I thought I understood the compilation problem in Brian2 until I realized that every "obvious" solution - manual C extensions, direct g++ calls, even fancy build systems - all fell into the same fundamental trap. They were trying to solve a dynamic runtime problem with static ahead-of-time thinking. Here's why that approach is doomed and how cppyy breaks free from this paradigm entirely.

The Fundamental Misunderstanding

When I first identified Brian2's compilation bottleneck, my instinct was to look for alternatives to Cython. "Surely," I thought, "we can just write C++ directly and skip the Cython overhead." This led me down a path of investigating manual C extensions, direct compiler invocation, and various build system optimizations.

Every single one of these approaches missed the fundamental nature of the problem.

The issue isn't that Cython is slow. The issue isn't that we're using the wrong compiler flags.
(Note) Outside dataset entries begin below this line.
(* Let $\mathcal C$ be a regular category and let $f\colon X\to Y$ be a level morphism of inverse systems in $\mathcal C$ with common index category $\mathcal I$ (so $f$ consists of morphisms $f_i\colon X_i\to Y_i$, $i\in\mathcal I$, commuting with the transition maps). For each $i$ let $X_i\to \operatorname{Im}(f_i)\to Y_i$ be the image decomposition of $f_i$ in $\mathcal C$. Then $$X\to \varprojlim_{i\in\mathcal I}\operatorname{Im}(f_i)\to Y$$ is the image decomposition of $f$ in $\operatorname{Pro}(\mathcal C)$, where $\varprojlim_{i\in\mathcal I}\operatorname{Im}(f_i)$ denotes the inverse system $i\mapsto \operatorname{Im}(f_i)$ (with transition maps induced by functoriality of the image decomposition) and the two morphisms are the level morphisms formed by the $X_i\to\operatorname{Im}(f_i)$ and $\operatorname{Im}(f_i)\to Y_i$. In particular, if every $f_i$ is a regular epimorphism in $\mathcal C$, then $f$ is a regular epimorphism in $\operatorname{Pro}(\mathcal C)$.
   Context: For a category $\mathcal C$, $\operatorname{Pro}(\mathcal C)$ is its pro-completion: objects are inverse systems, i.e. functors $X\colon \mathcal I_X^{op}\to\mathcal C$ with $\mathcal I_X$ a small filtered category (written $i\mapsto X_i$), and $\operatorname{Hom}_{\operatorname{Pro}(\mathcal C)}(X,Y)=\varprojlim_{j\in\mathcal I_Y}\varinjlim_{i\in\mathcal I_X}\mathcal C(X_i,Y_j)$. A level morphism between inverse systems with the same index category $\mathcal I$ is a natural transformation, i.e. a family $f_i\colon X_i\to Y_i$ commuting with transition maps. A regular category is a finitely complete category in which kernel pairs have coequalizers and regular epimorphisms are stable under pullback; in such a category every morphism factors uniquely (up to unique isomorphism, functorially) as a regular epimorphism followed by a monomorphism (its image decomposition). *)

Set Implicit Arguments.
Unset Strict Implicit.

Record Category : Type := {
  Ob :> Type;
  Hom : Ob -> Ob -> Type;
  idm : forall a, Hom a a;
  comp : forall x y z, Hom y z -> Hom x y -> Hom x z;
  comp_id_l : forall a b (f : Hom a b), comp (idm b) f = f;
  comp_id_r : forall a b (f : Hom a b), comp f (idm a) = f;
  comp_assoc : forall a b c0 d (f : Hom a b) (g : Hom b c0) (h : Hom c0 d),
      comp h (comp g f) = comp (comp h g) f
}.
Arguments Hom {c} _ _.
Arguments idm {c} _.
Arguments comp {c x y z} _ _.

Section Cat.
Variable C : Category.

Definition is_mono {a b : C} (m : Hom a b) : Prop :=
  forall w (u v : Hom w a), comp m u = comp m v -> u = v.

Definition is_coequalizer {a b q : C} (u v : Hom a b) (e : Hom b q) : Prop :=
  comp e u = comp e v /\
  forall z (g : Hom b z), comp g u = comp g v ->
    exists h : Hom q z, comp h e = g /\ forall h' : Hom q z, comp h' e = g -> h' = h.

Definition is_regular_epi {b q : C} (e : Hom b q) : Prop :=
  exists (a : C) (u v : Hom a b), is_coequalizer u v e.

Definition is_terminal (t : C) : Prop :=
  forall a : C, exists h : Hom a t, forall h' : Hom a t, h' = h.

Definition is_pullback {A B Z P : C} (f : Hom A Z) (g : Hom B Z)
    (p1 : Hom P A) (p2 : Hom P B) : Prop :=
  comp f p1 = comp g p2 /\
  forall W (x : Hom W A) (y : Hom W B), comp f x = comp g y ->
    exists h : Hom W P, (comp p1 h = x /\ comp p2 h = y) /\
      forall h' : Hom W P, comp p1 h' = x -> comp p2 h' = y -> h' = h.

Definition finitely_complete : Prop :=
  (exists t : C, is_terminal t) /\
  forall (A B Z : C) (f : Hom A Z) (g : Hom B Z),
    exists (P : C) (p1 : Hom P A) (p2 : Hom P B), is_pullback f g p1 p2.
The issue isn't even that we're writing too much generated code.

The issue is that we're doing Ahead-of-Time compilation at runtime.

Understanding the Compilation Paradigms

Let me clarify the two fundamental approaches to compilation:

Ahead-of-Time (AOT) Compilation: Write source code, compile it into machine code, then execute the machine code later. This is the traditional model used by languages like C, C++, and Rust.

Just-in-Time (JIT) Compilation: Generate or receive source code during program execution, compile it immediately in memory, and execute it without intermediate steps. This is used by languages like Java (JVM), C# (.NET), and modern JavaScript engines.

Brian2's problem is unique: it needs to generate and compile C++ code dynamically based on user-defined neuron equations. This is fundamentally a JIT problem, but every traditional solution approaches it with AOT thinking.

The Manual C Extension Mirage: Why Our "Obvious" Solution Was Still Wrong

When we first identified the Cython bottleneck in Brian2, our team's initial reaction was logical: "We already have working C++ templates for the standalone device. Why not just adapt those to generate manual C extensions instead of going through Cython?" This seemed like the perfect solution - until we realized we were still trapped in the same AOT paradigm.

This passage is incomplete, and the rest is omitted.